Making the Document Legally Valid
Every state requires your signature on the directive (or the signature of someone you direct to sign if you physically can’t). Beyond that, requirements vary. Most states require two witnesses who watch you sign and confirm in writing that you appeared to be of sound mind and weren’t being pressured. Some states accept notarization instead of witnesses, and others require both.

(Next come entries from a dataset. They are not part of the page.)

(* This is the letter-level content of a left exit. *)
Lemma periodic_left_exit (A : eqType) (d : A) q (p W V : seq A) :
  1 <= size p <= q -> q <= size W -> periodic d q V -> size V = size W + q ->
  suffix (behead p ++ W) V -> ~~ suffix (p ++ W) V ->
  nth d (p ++ W) 0 != nth d (p ++ W) q.
Proof.
move=> /andP[p_gt0 le_p_q] le_q_W per_V size_V /suffixP[t V_eq] not_suffix.
case: p p_gt0 le_p_q not_suffix V_eq => [|a p1] //= _ le_p_q not_suffix V_eq.
move: size_V; rewrite V_eq !size_cat => size_t.
case/lastP: t V_eq size_t => [|t' c] V_eq; rewrite ?size_rcons /= => size_t; first lia.
rewrite -cats1 -catA /= in V_eq.
have c_eq : c = nth d (c :: p1 ++ W) q.
  have := per_V (size t'); rewrite V_eq nth_cat ltnn subnn nth_cat ifF ?addKn.
  - by apply; rewrite size_cat /= size_cat; lia.
  - lia.
apply/eqP => a_eq; case/negP: not_suffix.
suff -> : a = c by rewrite V_eq suffix_suffix.
by rewrite a_eq c_eq; case: (q) le_p_q.
Qed.

Section Powers.
Variables (A : eqType) (w : seq A) (q : nat).

Lemma wpowS r : 0 < r -> wpow w q r.+1 = take q w ++ wpow w q r.
Proof. by case: r => // r _; rewrite /wpow /= catA. Qed.

Hypotheses (le_q_w : q <= size w) (border : drop q w = take (size w - q) w).

Lemma size_wpow r : size (wpow w q r) = r.-1 * q + size w.
Proof.
elim: r => [|[|r] IH] //; rewrite wpowS // size_cat size_takel // IH /=; lia.
Qed.

Lemma wpow_prefix r : take (size w) (wpow w q r) = w.
Proof.
elim: r => [|[|r] IH]; rewrite ?take_size //.
rewrite wpowS // take_cat size_takel // ltnNge le_q_w /=.
by rewrite -(take_takel _ (leq_subr q _)) IH -border cat_take_drop.
Qed.

Lemma drop_wpow k r : k < r -> drop (k * q) (wpow w q r) = wpow w q (r - k).
Proof.
elim: k r => [|k IH] [|r] // lt_kr; first by rewrite drop0 subn0.
rewrite wpowS; last lia.
by rewrite mulSn drop_cat size_takel // ltnNge leq_addr /= addKn IH.
Qed.

Lemma wpow_periodic (d : A) r : periodic d q (wpow w q r).
Proof.
elim: r => [|[|r] IH]; try exact: periodic_border.
rewrite wpowS // -{1}(wpow_prefix r.+1) take_takel //.
by apply: periodic_cons_block; rewrite // size_wpow; lia.
Qed.

Lemma wpow_occurrence (p s : seq A) r k : 0 < q -> k < r ->
  take (size w) (drop (size p + k * q) (p ++ wpow w q r ++ s)) = w.
Proof.
move=> q_gt0 lt_kr; have le_kq : k * q <= r.-1 * q by rewrite leq_mul2r; lia.
rewrite drop_cat ifF ?addKn; last lia.
rewrite drop_cat size_wpow ifT; last lia.
by rewrite drop_wpow // takel_cat ?wpow_prefix // size_wpow; lia.
Qed.

End Powers.

Section ExitWords.
Variables (A : eqType) (d : A) (x : nat -> A) (w : seq A) (q : nat).
Hypotheses (le_q_w : q <= size w) (border : drop q w = take (size w - q) w).

Lemma exit_word_left_break p r s : exit_word x w q p r s ->
  nth d (p ++ wpow w q r) 0 != nth d (p ++ wpow w q r) q.
Proof.
case=> r_gt0 /andP[p_range _] _ [not_suffix left_in] _.
apply: (periodic_left_exit p_range _ (wpow_periodic le_q_w border d (r := r.+1))) => //.
- by rewrite size_wpow // (leq_trans le_q_w) ?leq_addl.
- by rewrite wpowS // size_cat size_takel // addnC.
Qed.

Lemma exit_word_inner_periodic p r s : exit_word x w q p r s ->
  forall k, 0 < k -> k + q + 2 <= size (p ++ wpow w q r ++ s) ->
  nth d (p ++ wpow w q r ++ s) k = nth d (p ++ wpow w q r ++ s) (k + q).
Proof.
case=> _ /andP[/andP[p_gt0 _] /andP[s_gt0 _]] _ [_ left_in] [_ right_in].
have per_V := wpow_periodic le_q_w border d (r := r.+1).
set W := wpow w q r; set u := behead p ++ W ++ take (size s).-1 s.
have per_u : periodic d q u.
  apply: periodic_glue.
  - by case/suffixP: left_in per_V => t ->; apply: periodic_catr.
  - by case/prefixP: right_in per_V => t ->; apply: periodic_catl.
  - by rewrite size_wpow // (leq_trans le_q_w) ?leq_addl.
have size_u : size u = (size (p ++ W ++ s)).-2.
  rewrite !size_cat size_behead size_takel; lia.
have z_eq : p ++ W ++ s = head d p :: u ++ drop (size s).-1 s.
  by rewrite /u; case: (p) p_gt0 => //= a p1 _; rewrite -!catA cat_take_drop.
case=> // k _ lt_kq; rewrite z_eq addSn /= !(nth_cat _ u) ifT ?ifT.
- by apply: per_u; lia.
- lia.
- lia.
Qed.

End ExitWords.

Section Factors.
Variables (A : eqType) (x : nat -> A).

Lemma factor_nth (d : A) i L k : k < L -> nth d (factor x i L) k = x (i + k).
Proof. by move=> lt_kL; rewrite nth_mkseq. Qed.

Lemma factor_window i L j m : j + m <= L ->
  take m (drop j (factor x i L)) = factor x (i + j) m.
Proof.
move=> le_jmL; apply: (@eq_from_nth _ (x i)).
  by rewrite size_takel ?size_mkseq // size_drop size_mkseq; lia.
move=> k; rewrite size_takel ?size_drop ?size_mkseq; last lia.
by move=> lt_km; rewrite nth_take // nth_drop !nth_mkseq ?addnA //; lia.
Qed.

End Factors.

Lemma occ_lower_bound (A : eqType) (y u : seq A) (js : seq nat) : uniq js ->
  (forall j, j \in js -> j + size u <= size y /\ take (size u) (drop j y) = u) ->
  size js <= occ y u.
Proof.
move=> uniq_js occ_js; rewrite /occ -size_filter; apply: uniq_leq_size => // j /occ_js[le_j occ_j].
by rewrite mem_filter occ_j eqxx mem_iota /=; lia.
Qed.

Lemma uniq_progressions q a b m n : 0 < q -> a + m.-1 * q < b ->
  uniq ([seq a + k * q | k <- iota 0 m] ++ [seq b + k * q | k <- iota 0 n]).
Proof.
move=> q_gt0 lt_ab.
have progression_inj c : injective (fun k => c + k * q).
  by move=> k1 k2 /eqP; rewrite eqn_add2l eqn_pmul2r // => /eqP.
rewrite cat_uniq !map_inj_uniq ?iota_uniq ?andbT //=.
apply/hasPn => _ /mapP[k2 _ ->]; apply/mapP => -[k1]; rewrite mem_iota => lt_k1 eq_k.
have : k1 * q <= m.-1 * q by rewrite leq_mul2r; lia.
lia.
Qed.

Section Overlap.
Variables (A : eqType) (x : nat -> A) (w : seq A) (q : nat).
Hypotheses (le_q_w : q <= size w) (border : drop q w = take (size w - q) w).

Lemma size_exit_word p r s :
  size (p ++ wpow w q r ++ s) = size p + r.-1 * q + size w + size s.
Proof. by rewrite size_cat [size (_ ++ s)]size_cat size_wpow // !addnA. Qed.

Lemma placed_letter (d : A) (z : seq A) i k :
  factor x i (size z) = z -> k < size z -> x (i + k) = nth d z k.
Proof. by move=> place lt_k; rewrite -place factor_nth. Qed.

(* Two exit words placed at i < i' in x overlap in at most q + 1 letters:
   otherwise x_i' and x_(i'+q) lie in the q-periodic interior of the first one,
   whereas the second one starts by breaking the period. *)
Lemma exit_words_overlap p r s p' r' s' i i' :
  exit_word x w q p r s -> exit_word x w q p' r' s' ->
  factor x i (size (p ++ wpow w q r ++ s)) = p ++ wpow w q r ++ s ->
  factor x i' (size (p' ++ wpow w q r' ++ s')) = p' ++ wpow w q r' ++ s' ->
  i < i' -> i + size (p ++ wpow w q r ++ s) <= i' + q + 1.
Proof.
move=> exit exit' place place' lt_ii'; set d := x 0. (* any default letter *)
rewrite leqNgt; apply/negP => overlap.
have lt_q : q < size (p' ++ wpow w q r').
  case: exit' => _ /andP[/andP[p'_gt0 _] _] _ _ _.
  by rewrite size_cat size_wpow //; move: (_ * q) => m; lia.
have letter' k : k <= q -> x (i' + k) = nth d (p' ++ wpow w q r') k.
  move=> le_kq; rewrite (placed_letter d place'); last by rewrite catA size_cat; lia.
  by rewrite catA nth_cat ifT //; lia.
have := exit_word_left_break d le_q_w border exit'.
rewrite -(letter' 0) // -letter' // addn0 (_ : i' = i + (i' - i)); last by lia.
rewrite -addnA !(placed_letter d place); try lia.
by rewrite (exit_word_inner_periodic d le_q_w border exit) ?eqxx //; lia.
Qed.

Lemma exit_word_occurrence p r s i0 i L k :
  0 < q -> factor x i0 (size (p ++ wpow w q r ++ s)) = p ++ wpow w q r ++ s ->
  i <= i0 -> i0 + size (p ++ wpow w q r ++ s) <= i + L -> k < r ->
  take (size w) (drop (i0 - i + size p + k * q) (factor x i L)) = w /\
  i0 - i + size p + k * q + size w <= L.
Proof.
move=> q_gt0 place le_i_i0 inside lt_kr.
have le_kq : k * q <= r.-1 * q by rewrite leq_mul2r; lia.
have in_z : size p + k * q + size w <= size (p ++ wpow w q r ++ s).
  by rewrite size_cat [size (_ ++ s)]size_cat size_wpow //; lia.
split; last by lia.
rewrite factor_window; last by lia.
rewrite (_ : i + _ = i0 + (size p + k * q)); last by lia.
by rewrite -(factor_window x i0 in_z) place wpow_occurrence.
Qed.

Witness rules matter. Many states prohibit your spouse, close relatives, anyone who would inherit from you, your attending physician, or employees of your healthcare facility from serving as witnesses. The goal is to ensure no one with a financial or personal conflict of interest validates the document. Colorado, for example, bars physicians, health facility employees, anyone with a claim against your estate, and fellow patients from witnessing. Montana, on the other hand, doesn’t require witnesses or a notary for a healthcare power of attorney at all. Check your state’s specific rules, as failing to follow them can make the document unenforceable.
When to Update Your Directive
An advance directive isn’t a one-time task. Your preferences will likely shift as your health and life circumstances change. Research on the timing of directives shows a real tension: completing one too early, when you’re healthy, often results in preferences for aggressive care that may not match what you’d actually want as your health declines. Completing one too late, during a medical crisis, leads to rushed decisions that may also miss the mark. The solution is to revisit the document regularly.
Good moments to review and update include after a new diagnosis, after a major health event like a hospitalization, after the death of a spouse or the person named as your agent, after a divorce, and after a significant change in your overall health or independence. It’s not uncommon for people to change their care preferences as an illness progresses, so treat the directive as a living document rather than a final answer.
Who Should Get a Copy
A directive that no one can find when it’s needed is essentially useless. Give copies to your healthcare agent, your primary care doctor, any specialists managing a chronic condition, and close family members who might be present in an emergency. If you’re admitted to a hospital or move into a care facility, provide a copy for your medical record. Keep the original in a place that’s easy to access, not locked in a safe deposit box that your agent can’t reach quickly. Some states offer online registries where you can upload the document, and certain organizations provide wallet cards with information about where your directive is stored.